Data to process
►

Lemma subspace_rowspace V :
  is_subspace V -> exists M : 'M[R]_n, forall v, V v <-> (v^T <= M)%MS.
Proof.
move=> subV.
have : exists k, exists M : 'M[R]_n, (forall i, V (row i M)^T) /\ (n - \rank M)%N = k.
  by exists n, 0; split=> [i|]; rewrite ?row0 ?trmx0 ?mxrank0 ?subn0; case: subV.
case/ex_minn_prop => _ [M [VM <-]] Mmin; exists M => v.
split=> [Vv|/(subspace_submx subV VM)]; last by rewrite trmxK.
apply/idPn => vM; pose M' := (M + v^T)%MS.
have VM' i : V (row i M')^T.
  have /sub_addsmxP [[u1 u2] /= ->] := row_sub i M'.
  rewrite linearD /=.
  apply: subspaceD => //; apply: (subspace_submx subV) (submxMl _ _) => //.
  by move=> j; rewrite row_id trmxK.
have rkM : (\rank M < \rank M')%N.
  apply: rank_ltmx; rewrite ltmxE addsmxSl; apply: contra vM.
  exact: submx_trans (addsmxSr M v^T).
have := Mmin _ (ex_intro _ M' (conj VM' erefl)).
by rewrite leqNgt ltn_sub2l ?(leq_trans rkM (rank_leq_col M')).
Qed.

Lemma subspace_family_min I (P : I -> Prop) (V : I -> set 'cV[R]_n) :
    (exists i, P i) -> (forall i, is_subspace (V i)) ->
  exists2 i, P i & forall j, P j -> V j `<=` V i -> V i `<=` V j.
Proof.
move=> [i0 Pi0] subV.
have /choice [M VM] := fun i => subspace_rowspace (subV i).
have : exists k, exists i, P i /\ \rank (M i) = k by exists (\rank (M i0)), i0.
case/ex_minn_prop => _ [i [Pi <-]] imin; exists i => // j Pj Vji v /VM vMi.
have Mji : (M j <= M i)%MS.
  apply/row_subP => r; rewrite -[row r _]trmxK; apply/VM/Vji/VM.
  by rewrite trmxK row_sub.
apply/VM/(submx_trans vMi).
by rewrite -(mxrank_leqif_sup Mji) eqn_leq mxrankS // imin //; exists j.
Qed.

End Subspaces.

Section BoundedOrbits.
Variables (R : realType) (n : nat).
Implicit Types (F : seq 'M[R]_n) (A : 'M[R]_n) (v : 'cV[R]_n).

◄

Assignment
What is needed is an exact copy of the lines from the one holding "have := Mmin" through the final line of the material.

Answer section
have := Mmin _ (ex_intro _ M' (conj VM' erefl)).
by rewrite leqNgt ltn_sub2l ?(leq_trans rkM (rank_leq_col M')).
Qed.

Lemma subspace_family_min I (P : I -> Prop) (V : I -> set 'cV[R]_n) :
    (exists i, P i) -> (forall i, is_subspace (V i)) ->
  exists2 i, P i & forall j, P j -> V j `<=` V i -> V i `<=` V j.
Proof.
move=> [i0 Pi0] subV.
have /choice [M VM] := fun i => subspace_rowspace (subV i).
have : exists k, exists i, P i /\ \rank (M i) = k by exists (\rank (M i0)), i0.
case/ex_minn_prop => _ [i [Pi <-]] imin; exists i => // j Pj Vji v /VM vMi.
have Mji : (M j <= M i)%MS.
  apply/row_subP => r; rewrite -[row r _]trmxK; apply/VM/Vji/VM.
  by rewrite trmxK row_sub.
apply/VM/(submx_trans vMi).
by rewrite -(mxrank_leqif_sup Mji) eqn_leq mxrankS // imin //; exists j.
Qed.

End Subspaces.

Section BoundedOrbits.
Variables (R : realType) (n : nat).
Implicit Types (F : seq 'M[R]_n) (A : 'M[R]_n) (v : 'cV[R]_n).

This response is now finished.